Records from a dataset
Definition f_coloring (R : realType) (V : finType) (adj : rel V)
    (f : edge adj -> rat) (phi : edge adj -> set R) : Prop :=
  (forall x, measurable (phi x) /\ phi x `<=` `[0%R, 1%R]) /\
  (forall x y, lg_adj x y -> phi x `&` phi y = set0) /\
  (forall x, ((ratr (f x) : R)%:E <= lebesgue_measure (phi x))%E).

From mathcomp Require Import all_boot perm zify.
From mathcomp Require Import boolp.
Set Implicit Arguments. Unset Strict Implicit. Unset Printing Implicit Defensive.

(* Let N := |V|! and give each edge uv of G the multiplicity
   N / (max(d(u), d(v)) + 1), an integer.  The resulting multigraph satisfies
   d(y) + mu(xy) <= N for every edge xy, and such a multigraph has a proper
   edge colouring with N colours.  This is Vizing's fan argument: in a proper
   partial colouring of maximal size leaving an edge xy0 short of colours,
   rotating the fan at x and swapping Kempe chains show that the sets of
   colours missing at the fan vertices are pairwise disjoint and all used on
   the fan edges at x, whereas each is at least as large as the colour set of
   its fan edge, strictly so at y0.  Colour i stands for the interval
   [i/N, (i+1)/N[, so an edge uv receives measure at least
   1 / (max(d(u), d(v)) + 1) >= f(uv), disjointly from its neighbours in L(G). *)

Lemma card_bigcup_le (I T : finType) (P : pred I) (F : I -> {set T}) :
  #|\bigcup_(i | P i) F i| <= \sum_(i | P i) #|F i|.
Proof.
elim/big_rec2: _ => [|i n U _ le_U]; first by rewrite cards0.
by rewrite (leq_trans (leq_card_setU _ _)) ?leq_add2l.
Qed.

Lemma card_bigcup_disjoint (I T : finType) (A : {set I}) (F : I -> {set T}) :
  {in A &, forall i j, i != j -> [disjoint F i & F j]} ->
  #|\bigcup_(i in A) F i| = \sum_(i in A) #|F i|.
Proof.
move=> dF; rewrite -big_enum -[RHS]big_enum /=.
have: {subset enum A <= A} by move=> i; rewrite mem_enum.
elim: (enum A) (enum_uniq A) => [|i s IH] /=; first by rewrite !big_nil cards0.
move=> /andP[i_s s_uniq] sA; rewrite !big_cons -IH //; last first.
  by move=> j sj; apply: sA; rewrite inE sj orbT.
apply/eqP; rewrite (leq_card_setU _ _).2 bigcup_seq; apply: bigcup_disjoint => j sj.
by apply: dF; rewrite ?sA ?inE ?eqxx ?sj ?orbT //; apply: contraNneq i_s => ->.
Qed.

Lemma ltn_sum (I : finType) (P : pred I) (E1 E2 : I -> nat) i :
  P i -> (forall j, P j -> E1 j <= E2 j) -> E1 i < E2 i ->
  \sum_(j | P j) E1 j < \sum_(j | P j) E2 j.
Proof.
move=> Pi le_E lt_Ei; rewrite (bigD1 i Pi) [X in _ < X](bigD1 i Pi) /= -addSn.
by rewrite leq_add // leq_sum // => j /andP[/le_E].
Qed.

Lemma disjoint_setP (T : finType) (A B : {set T}) :
  reflect (forall e, e \in A -> e \notin B) [disjoint A & B].
Proof. by rewrite disjoints_subset; apply: (iffP subsetP) => sAB e /sAB; rewrite inE. Qed.

Lemma sub_path_belast (T : eqType) (e e' : rel T) (P : pred T) y q :
  {in P, forall s t, e s t -> e' s t} -> all P (belast y q) -> path e y q -> path e' y q.
Proof.
move=> ee'; elim: q y => //= t q IH y /andP[Py Pq] /andP[eyt tq].
by rewrite ee' // IH.
Qed.

(* A rotation g = r \o p composed of two reflections: on an orbit through a
   fixed point of p, the only other fixed point of p is the antipodal one. *)
Section ReflectionOrbit.
Variables (T : finType) (p r : T -> T).
Hypotheses (pK : involutive p) (rK : involutive r).

Let g := r \o p.

Lemma rotation_inj : injective g.
Proof. exact: inj_comp (can_inj rK) (can_inj pK). Qed.

Lemma orbit_reflect s t : fconnect g s (r t) -> fconnect g s (p t).
Proof.
move=> srt; apply: connect_trans srt _.
rewrite fconnect_sym; last exact: rotation_inj.
by apply: connect1; rewrite /= /g /= pK.
Qed.

Lemma iter_rotation_reflect i s : iter i g (r (iter i g s)) = r s.
Proof.
have grg y : g (r (g y)) = r y by rewrite /g /= rK pK.
by elim: i s => // i IH s; rewrite iterSr iterS grg IH.
Qed.

Lemma iter_fixed_lt_order s k : iter k g s = s -> k < order g s -> k = 0.
Proof. by move=> gks lt_k; rewrite -(findex_iter lt_k) gks findex0. Qed.

Lemma orbit_fixpoint_half s i :
  p s = s -> p (iter i g s) = iter i g s -> 0 < i < order g s -> i + i = order g s.
Proof.
move=> ps pis /andP[i_gt0 lt_i].
have back : iter (i + i) g s = s.
  apply: rotation_inj; rewrite -iterS -addnS iterD iterS.
  by rewrite [g (iter i g s)]/g /= pis iter_rotation_reflect /g /= ps.
case: (ltnP (i + i) (order g s)) => [lt_ii|le_ii].
  by have := iter_fixed_lt_order back lt_ii; lia.
suff: i + i - order g s = 0 by lia.
apply: (@iter_fixed_lt_order s); last by lia.
by rewrite -[RHS]back -[in RHS](subnK le_ii) iterD (iter_order rotation_inj).
Qed.

Lemma orbit_fixpoint_uniq s t1 t2 : p s = s ->
  fconnect g s t1 -> fconnect g s t2 -> p t1 = t1 -> p t2 = t2 -> t1 != s -> t2 != s ->
  t1 = t2.
Proof.
move=> ps st1 st2 pt1 pt2 t1s t2s.
have half t : fconnect g s t -> p t = t -> t != s -> findex g s t + findex g s t = order g s.
  move=> st pt ts; apply: orbit_fixpoint_half; rewrite ?iter_findex ?findex_max //.
  by rewrite andbT lt0n findex_eq0 eq_sym.
have := half _ st1 pt1 t1s; have := half _ st2 pt2 t2s => h2 h1.
by rewrite -(iter_findex st1) -(iter_findex st2); congr iter; lia.
Qed.

End ReflectionOrbit.

Section EdgeColorSets.
Variables (V : finType) (N : nat).
Implicit Types (c : V -> V -> {set 'I_N}) (S : {set 'I_N}).

(* [c u v] is the set of colours of the parallel edges joining u and v. *)
Definition proper_coloring c :=
  (forall u v, c u v = c v u) /\ (forall u v w, v != w -> [disjoint c u v & c u w]).

Definition missing c u := [set e | [forall v, e \notin c u v]].

Definition weight c := \sum_u \sum_v #|c u v|.

Lemma missingP c u e : reflect (forall v, e \notin c u v) (e \in missing c u).
Proof. by rewrite inE; apply: forallP. Qed.

Lemma missingF c u v e : e \in c u v -> (e \in missing c u) = false.
Proof. by move=> ec; apply/missingP => /(_ v); rewrite ec. Qed.

Lemma card_missing c u : N <= #|missing c u| + \sum_v #|c u v|.
Proof.
have used : ~: missing c u = \bigcup_v c u v.
  apply/setP => e; rewrite !inE negb_forall.
  by apply/existsP/bigcupP => [[v /negPn ev]|[v _ ev]]; exists v; rewrite ?negbK.
by rewrite -[X in X <= _](card_ord N) -(cardsC (missing c u)) used leq_add2l card_bigcup_le.
Qed.

Lemma proper_coloring_uniq c u v w e :
  proper_coloring c -> e \in c u v -> e \in c u w -> v = w.
Proof.
move=> [_ dc] ev ew; apply/eqP; apply: contraLR isT => /dc /disjoint_setP/(_ e ev).
by rewrite ew.
Qed.

Lemma weight_lt c c' a b : (forall u v, #|c u v| <= #|c' u v|) -> #|c a b| < #|c' a b| ->
  weight c < weight c'.
Proof.
move=> le_c lt_ab; apply: (ltn_sum (i := a)) => // [u _|]; first exact: leq_sum.
exact: (ltn_sum (i := b)).
Qed.

Definition recolor c a b S u v :=
  if (u == a) && (v == b) || (u == b) && (v == a) then S else c u v.

Lemma recolor_id c a b S u v : u != a -> u != b -> recolor c a b S u v = c u v.
Proof. by rewrite /recolor => /negbTE-> /negbTE->. Qed.

Lemma recolor_row c a b S v : a != b -> recolor c a b S a v = if v == b then S else c a v.
Proof. by rewrite /recolor eqxx => /negbTE ab; rewrite ab /= orbF. Qed.

Lemma missing_recolor_id c a b S u :
  u != a -> u != b -> missing (recolor c a b S) u = missing c u.
Proof.
by move=> ua ub; apply/setP => e; rewrite !inE; apply: eq_forallb => v; rewrite recolor_id.
Qed.

Lemma card_recolor c a b S : (forall u v, c u v = c v u) -> #|S| = #|c a b| ->
  forall u v, #|recolor c a b S u v| = #|c u v|.
Proof.
move=> cC cardS u v; rewrite /recolor.
by case: ifP => // /orP[]/andP[/eqP-> /eqP->]; rewrite // cC.
Qed.

Lemma disjoint_update (d : V -> {set 'I_N}) b S :
  (forall v w, v != w -> [disjoint d v & d w]) -> (forall w, w != b -> [disjoint S & d w]) ->
  forall v w, v != w ->
  [disjoint (if v == b then S else d v) & (if w == b then S else d w)].
Proof.
move=> dd dS v w vw; case: eqVneq => [vb|vb]; case: eqVneq => [wb|wb].
- by move: vw; rewrite vb wb eqxx.
- exact: dS.
- by rewrite disjoint_sym; apply: dS.
- exact: dd.
Qed.

Lemma recolorC c a b S u v : recolor c a b S u v = recolor c b a S u v.
Proof. by rewrite /recolor orbC. Qed.

Lemma proper_recolor c a b g S : proper_coloring c -> a != b ->
  g \in missing c a -> g \in missing c b -> S \subset g |: c a b ->
  proper_coloring (recolor c a b S).
Proof.
move=> [cC dc] ab ga gb sS.
have dS a' b' : g \in missing c a' -> S \subset g |: c a' b' ->
    forall w, w != b' -> [disjoint S & c a' w].
  move=> ga' sS' w wb; apply/disjoint_setP => e /(subsetP sS').
  rewrite in_setU1 => /orP[/eqP->|eb]; first by move/missingP: ga'.
  by apply/(disjoint_setP _ _ (dc a' b' w _)); rewrite // eq_sym.
split=> [u v|u v w vw].
  by rewrite /recolor cC; case: (u == a); case: (u == b); case: (v == a); case: (v == b).
have [->|ua] := eqVneq u a.
  rewrite !recolor_row //; apply: (disjoint_update (d := c a)) => //; first exact: dc.
  exact: dS.
have [->|ub] := eqVneq u b.
  have ba : b != a by rewrite eq_sym.
  rewrite !(recolorC c a) !recolor_row //; apply: (disjoint_update (d := c b)) => //.
    exact: dc.
  by apply: dS; rewrite // cC.
by rewrite !recolor_id //; apply: dc.
Qed.

Lemma weight_recolor_add c a b g : (forall u v, c u v = c v u) -> g \notin c a b ->
  weight c < weight (recolor c a b (g |: c a b)).
Proof.
move=> cC gab; apply: (weight_lt (a := a) (b := b)); last first.
  by rewrite /recolor !eqxx cardsU1 gab.
move=> u v; rewrite /recolor; case: ifP => // /orP[]/andP[/eqP-> /eqP->].
  exact/subset_leq_card/subsetU1.
by rewrite cC; exact/subset_leq_card/subsetU1.
Qed.

Definition kempe_edge al be c : rel V := fun u v => (al \in c u v) || (be \in c u v).

Definition kempe_chain al be c x := [set v | connect (kempe_edge al be c) x v].

Definition kempe_swap al be c (K : {set V}) u v :=
  if u \in K then tperm al be @^-1: c u v else c u v.

Lemma kempe_chain_sym al be c u v : (forall u v, c u v = c v u) ->
  (u \in kempe_chain al be c v) = (v \in kempe_chain al be c u).
Proof.
move=> cC; rewrite !inE; apply: sym_connect_sym => {}u {}v.
by rewrite /kempe_edge cC.
Qed.

Lemma proper_kempe_swap al be c x : proper_coloring c ->
  proper_coloring (kempe_swap al be c (kempe_chain al be c x)).
Proof.
move=> [cC dc]; set K := kempe_chain al be c x.
have fixed u v : u \in K -> v \notin K -> tperm al be @^-1: c u v = c u v.
  move=> uK; apply: contraNeq => swapped; rewrite inE.
  apply: connect_trans (connect1 _); first by rewrite inE in uK; exact: uK.
  apply: contraNT swapped => /norP[/negbTE alF /negbTE beF]; apply/eqP/setP => e.
  by rewrite inE; case: tpermP => [->|->|//]; rewrite ?alF ?beF.
split=> [u v|u v w vw]; rewrite /kempe_swap.
  case: ifP => uK; case: ifP => vK; last exact: cC.
  - by rewrite cC.
  - by rewrite (fixed _ _ uK (negbT vK)) cC.
  - by rewrite (fixed _ _ vK (negbT uK)) cC.
case: ifP => _; last exact: dc.
apply/disjoint_setP => e; rewrite !inE; exact: (disjoint_setP _ _ (dc u v w vw)).
Qed.

Lemma card_kempe_swap al be c K u v : #|kempe_swap al be c K u v| = #|c u v|.
Proof. by rewrite /kempe_swap; case: ifP => // _; rewrite card_preimset //; exact: perm_inj. Qed.

Lemma kempe_swap_missing al be c K u e :
  (e \in missing (kempe_swap al be c K) u) =
  ((if u \in K then tperm al be e else e) \in missing c u).
Proof.
by rewrite /kempe_swap !inE; case: ifP => _; apply: eq_forallb => v; rewrite ?inE.
Qed.

(* Defaults to [v] itself when [e] is missing at [v]. *)
Definition partner c e v := if [pick u | e \in c v u] is Some u then u else v.

Lemma partner_eq c e u v : proper_coloring c -> e \in c v u -> partner c e v = u.
Proof.
move=> pc evu; rewrite /partner; case: pickP => [w evw|none]; last by have := none u; rewrite evu.
exact: proper_coloring_uniq pc evw evu.
Qed.

Lemma partner_missing c e v : e \in missing c v -> partner c e v = v.
Proof. by rewrite /partner; case: pickP => [u evu|//]; rewrite (missingF evu). Qed.

Lemma partnerK c e : proper_coloring c -> involutive (partner c e).
Proof.
move=> pc v; have [u evu|none] := pickP [pred u | e \in c v u].
  by rewrite (partner_eq pc evu); apply: (partner_eq pc); case: pc => ->.
by rewrite !partner_missing //; apply/missingP => u; have /negbT := none u.
Qed.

__ACTION ITEM__. Count up the lines in the records that contain the word "Definition" and reply with that figure only.

__OUTPUT OF THE EXERCISE__. 9